New techniques of spamming…新技術的垃圾郵件…
For quite sometime naive bayesian classifier based SPAMBayes filtered my emails very accurately with very few false positives.在相當一段時間的樸素貝葉斯分類基於spambayes過濾我的電子郵件非常準確,很少假陽性。
Recently however I have noticed few trends in spamming which are alarming in nature.最近,但我注意到數的趨勢,垃圾郵件這是令人震驚的性質。
- Database poisoning: Using otherwise innocuous words (ham words) in a SPAM, thereby effectively poisoning the database in the long run數據庫中毒:使用無害的,否則的話(火腿字)在一個垃圾郵件,從而有效地中毒數據庫,在長遠而言
- Junk Tags: Hiding spam words by inserting invalid HTML tags in between words.垃圾標籤:隱藏垃圾郵件的話,插入無效的HTML標記,在字與字之間。 Any HTML parser ignores tags it doesn’t understand, thereby resulting in properly viewable document任何HTML解析器忽略了標記,它不明白,因而在適當的檢視文件
- Invalid Words: Spam word like mortgage etc. are masked by inserting special characters or junk characters in between.無效的話:垃圾郵件字一樣,按揭等都是蒙面插入特殊字符或垃圾的人物之間。
Solutions I could think of:解決方案,我可以認為:
- Most of the database poisoning email tend to be classified in Not Sure category.大部分的數據庫中毒的電子郵件,往往被歸類在不能確定類別。 I suggest that you delete them instead of classifying them as spam.我建議你刪除他們,而不是歸類為垃圾郵件。 However it still requires that we spend some time for it which is what I don’t like.不過,我們仍然需要我們花一些時間,因為這是我不喜歡。
- Junk Tags: Add a filter in front of bayesian classifier to eliminate junk tags垃圾標籤:添加過濾器在前面的貝葉斯分類,以消除垃圾標籤
- Invalid Words: No-exact matching algorithms from Lucene etc. should help.無效的話:不完全匹配算法從Lucene的等,應有助。
I have recently noticed a significant increase in mortgage spams.我最近注意到一個顯著增加,在按揭垃圾郵件。 It should be easy to tackle them by legal means.它應該可以很容易地解決這些問題通過法律手段。
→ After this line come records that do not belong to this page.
Lemma exceptional_high_pairs_neq :
  [&& ~~ ((cdiff f c a a == b) && (cdiff f c a (1 + a) == b)),
      ~~ ((cdiff f c a a == b) && (cdiff f c a (gam + a) == b))
    & ~~ ((cdiff f c a (1 + a) == b) && (cdiff f c a (gam + a) == b))].
Proof.
have low p q : p \in [:: 0; 1; gam] -> q \in [:: 0; 1; gam] -> p != q ->
    cdiff f c^-1 a p = cdiff f c^-1 a q -> exists t, t ^+ 2 + t = c * gam ^+ 2.
  by move=> pP qP pq /(collision_low aF4 cV0 pP qP pq)[t]; rewrite invrK; exists t.
by rewrite !(pair_neqV AS2) // ?aa ?addrK_pchar2 //; move/low; apply.
Qed.

Lemma exceptional_cross_pairs_neq :
  [&& ~~ ((cdiff f c a 0 == b) && (cdiff f c a (1 + a) == b)),
      ~~ ((cdiff f c a 0 == b) && (cdiff f c a (gam + a) == b))
    & ~~ ((cdiff f c a 1 == b) && (cdiff f c a (gam + a) == b))].
Proof.
apply/and3P; split.
- by apply: (no_AS_root_pair_neq _ AS1); exact: collision_0_1a.
- by apply: (no_AS_root_pair_neq _ AS5); exact: collision_0_gama.
- by apply: (no_AS_root_pair_neq _ AS6); exact: collision_1_gama.
Qed.

Lemma exceptional_cross_pairsV_neq :
  [&& ~~ ((cdiff f c a a == b) && (cdiff f c a 1 == b)),
      ~~ ((cdiff f c a a == b) && (cdiff f c a gam == b))
    & ~~ ((cdiff f c a (1 + a) == b) && (cdiff f c a gam == b))].
Proof.
apply/and3P; split.
- by apply: (pair_neqV AS3); rewrite aa; exact: (@collision_0_1a a aF4 c^-1).
- apply: (pair_neqV AS7); rewrite aa.
  have -> : c * gam / (c + gam ^+ 2) ^+ 2 = c^-1 / (c^-1 + gam) ^+ 2 by gam_field.
  exact: (@collision_0_gama a aF4 c^-1 cVF4).
- apply: (pair_neqV AS8); rewrite addrK_pchar2 //.
  have -> : c / (c + gam ^+ 2) ^+ 2 = c^-1 * gam ^+ 2 / (c^-1 + gam) ^+ 2 by gam_field.
  exact: (@collision_1_gama a aF4 c^-1 cVF4).
Qed.

Lemma count_cdiff_exceptional_le1 :
  (count (fun x => cdiff f c a x == b) (exceptional_pts gam a) <= 1)%N.
Proof.
have shift := cdiff_addr_pair_neq b _ a0.
move: (shift 0) (shift 1) (shift gam) exceptional_low_pairs_neq.
move: exceptional_high_pairs_neq exceptional_cross_pairs_neq exceptional_cross_pairsV_neq.
rewrite /exceptional_pts /= add0r.
by case: (cdiff f c a 0 == b); case: (cdiff f c a 1 == b); case: (cdiff f c a gam == b);
  case: (cdiff f c a a == b); case: (cdiff f c a (1 + a) == b); case: (cdiff f c a (gam + a) == b).
Qed.

End ShiftedPoints.

Lemma card_cdiff_le3 a b : (#|[set x | cdiff f c a x == b]| <= 3)%N.
Proof.
have [/card_cdiff0/leq_trans-> //|a0] := eqVneq a 0.
rewrite card_cdiff_split -[3%N]/(1 + 2)%N leq_add ?card_cdiff_outside //.
have [aF4|aF4] := boolP (a \in F4); first exact: card_cdiff_exceptional_F4.
by rewrite card_filter_uniq ?exceptional_pts_uniq // count_cdiff_exceptional_le1.
Qed.

End TraceConditions.

End Counting.

End InverseCycle.

Section FiniteField.
Variables (F : finFieldType) (n : nat).
Hypothesis cardF : #|F| = (2 ^ n)%N.

Lemma no_AS_root_of_abs_tr (T : F) : abs_tr n T = 1 -> no_AS_root T.
Proof.
by move=> trT t; apply/eqP => tT; move/eqP: trT; rewrite -tT abs_tr_sqrD_self // eq_sym oner_eq0.
Qed.

Lemma cDeltaAB_InvCyc (gam c a b : F) : (1 < n)%N ->
  cDeltaAB (InvCyc n gam) c a b = #|[set x | cdiff (inv_cycle3 gam) c a x == b]|.
Proof. by move=> n_gt1; apply: eq_card => x; rewrite !inE /InvCyc !(Inv_inv cardF). Qed.

End FiniteField.

Theorem mainTheorem11 (F : finFieldType) (n : nat) (gam c : F) :
  #|F| = (2 ^ n)%N -> (4 <= n)%N -> ~~ odd n ->
  gam ^+ 4 = gam -> gam != 0 -> gam != 1 ->
  c ^+ 4 != c ->
  let f := InvCyc n gam in
  let tr := abs_tr n in
  ((3 <= cDelta f c)%N /\ (cDelta f c <= 4)%N) /\
  (tr (c * gam) = 1 -> tr (c * gam ^+ 2) = 1 ->
   tr (c^-1 * gam) = 1 -> tr (c^-1 * gam ^+ 2) = 1 ->
   tr (c / (c + gam) ^+ 2) = 1 -> tr (c * gam ^+ 2 / (c + gam) ^+ 2) = 1 ->
   tr (c * gam / (c + gam ^+ 2) ^+ 2) = 1 -> tr (c / (c + gam ^+ 2) ^+ 2) = 1 ->
   cDelta f c = 3%N).
Proof.
move=> cardF n4 _ gam4 gam0 gam1 c4 f tr.
have pchar2 := pchar2_card cardF.
have cF4 : c \notin F4 by rewrite inE.
have fE := cDeltaAB_InvCyc cardF gam c _ _ (leq_trans (isT : 1 < 4)%N n4).
have cDelta_le k : (forall a b, #|[set x | cdiff (inv_cycle3 gam) c a x == b]| <= k)%N ->
    (cDelta f c <= k)%N.
  by move=> le_k; apply/bigmax_leqP => ab _; rewrite fE.
have cDelta_ge3 : (3 <= cDelta f c)%N.
  apply: leq_trans (card_cdiff_ge3 pchar2 gam4 gam0 gam1 cF4) _; rewrite -fE.
  by apply: (leq_bigmax_cond (gam * (1 + c), (1 + c * gam) / (1 + c))); rewrite notF4_neq1.
split; first by split; last exact/cDelta_le/(card_cdiff_le4 pchar2 gam4 gam0 gam1 cF4).
move=> t1 t2 t3 t4 t5 t6 t7 t8; apply/eqP; rewrite eqn_leq cDelta_ge3 andbT.
apply/cDelta_le => a b; apply: (card_cdiff_le3 pchar2 gam4 gam0 gam1 cF4);
  exact: (no_AS_root_of_abs_tr cardF).
Qed.
Lemma convex_tangent_le (R : realType) (h : R -> R) (c s y : R) :
  convex_function (setT : set R) h -> is_derive c 1 h s ->
  h c + s * (y - c) <= h y.
Proof.
move=> hcvx [dh hs]; set v := y - c.
have dif : differentiable h c by apply/derivable1_diffP.
have dv : derivable h c v by exact: diff_derivable.
have Dv : 'D_v h c = s * v.
  by rewrite (deriveE _ dif) (deriv1E dh) derive1E hs mulrC.
(* 'D_v h c is the right limit of difference quotients, each at most h y - h c *)
rewrite -lerBrDl -Dv ['D_v h c](cvg_at_rightE _ _ dv).
apply: limr_le.
  rewrite -(cvg_at_rightE _ _ dv); apply: cvg_trans dv; apply: cvg_app.
  move=> A [e e0 Ae]; exists e => // t te t0; apply: Ae => //; exact: lt0r_neq0.
near=> t.
have t0 : 0 < t by near: t; exists 1 => //= u _.
have t1 : t < 1.
  near: t; exists 1 => //= u + _.
  by rewrite /ball_ /= sub0r normrN; apply/le_lt_trans/ler_norm.
have : h (t * y + (1 - t) * c) <= t * h y + (1 - t) * h c.
  exact: (hcvx (Itv01 (ltW t0) (ltW t1)) y c (in_setT _) (in_setT _)).
have -> : t * y + (1 - t) * c = t * v + c by rewrite /v; ring.
rewrite /= ler_pdivrMl //; lra.
Unshelve. all: by end_near.
Qed.

Lemma logconvex_powR_le (R : realType) (g : R -> R) (x0 x : R) :
  0 < x0 -> 0 < x -> 0 < g x0 -> 0 < g x -> derivable g x0 1 ->
  convex_function (setT : set R) (fun X => ln (g (expR X))) ->
  g x0 * (x / x0) `^ (x0 * derive1 g x0 / g x0) <= g x.
Proof.
move=> x00 x0' gx0 gx dg hcvx.
have ex0 : expR (ln x0) = x0 by rewrite lnK // posrE.
have dH : is_derive (ln x0) 1 (fun X => ln (g (expR X))) (x0 * derive1 g x0 / g x0).
  have dg' : is_derive (expR (ln x0)) 1 g (derive1 g x0).
    by rewrite ex0 derive1E; exact: derivableP.
  have dl : is_derive ((g \o expR) (ln x0)) 1 (@ln R) (g x0)^-1.
    by rewrite /= ex0; exact: is_derive1_ln.
  apply: is_derive_eq (is_derive1_comp dl (is_derive1_comp dg' (is_derive_expR _))) _.
  by rewrite ex0; field; exact: lt0r_neq0.
have := @convex_tangent_le R _ _ _ (ln x) hcvx dH; rewrite !lnK ?posrE // => hle.
rewrite -(lnK gx) -[X in X * _](lnK gx0) /powR gt_eqF ?divr_gt0 //.
by rewrite -expRD ler_expR lnM ?posrE ?invr_gt0 // lnV ?posrE.
Qed.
Overall the game is becoming tougher for spam prevention.整體遊戲正在成為更嚴厲的垃圾郵件預防。 A combination of existing techniques are required for any spam filters to remain effective.結合現有的技術所需要的任何垃圾郵件過濾器,以維持有效的。
Looking forward to hear your thoughts.期待著聽到您的想法。
Filed under提起下 Spam Watch垃圾郵件觀賞 , , Web網頁 | |
| |
RSS 2.0 2.0 | |
Email this Article電子郵件此文章
You may also like to read您也可以想讀 |





July 29th, 2004 at 2:49 am 2004年7月29日在上午02時49分
I have tried all the software solutions to twarting spam.我曾嘗試所有的軟件解決方案,以twarting垃圾郵件。 I have yet to see one that works as good as simply owning a domain and creating many email addresses.我還沒有看到一個工程一樣好簡單,擁有一個域和創造許多的電子郵件地址。 One for each site I visit.一為每個網站我訪問。 Like the one I used here.像一個我用在這裡。 If I start getting spam from that address, I simply forward it to如果我可以開始接收垃圾郵件從該地址,我只轉發給 null@null.net and that’s that.這就是這一點。 I have about 30 email addresses generating well over 250 spams a day.我有大約30的電子郵件地址生成,以及超過250個垃圾郵件1天。 They are all being forwarded to他們都被轉交給 null@null.net (Sure hope no one ever gets that address). (當然希望沒有人獲得該地址) 。
I *NEVER* give out my main email address to anyone!我* *從來沒有給我的主要電郵地址給任何人! All the non spam addresses get forwarded to my real email account so I can read them and respond to them.所有非垃圾郵件地址,獲得轉交我真正的電子郵件帳戶,所以我可以閱讀和回應。 Sure, at that point my real address get’s sent out.當然,在這一點上我的真實地址得到的發出。 However, it’s not accidently published on the web.不過,這不是意外在網站上公佈。 At least not by posting it on a blog or a web store.至少不張貼對一個博客或網上商店。
October 15th, 2004 at 5:31 am 2004年10月15日在上午05時31分
I facing the same problem. i面臨同樣的問題。 The new genre of spam that I noticed was that a bunch of unrelated words were pushed in at the end of the e-mail.新的遊戲類型的垃圾郵件,我看到的是一群無關的話,推在上月底的電子郵箱。 These words are really rare words gathered from different contexts.這句話真的是罕見的話聚集來自不同背景。
Do you have any suggestions for it?請問你對此有何建議呢?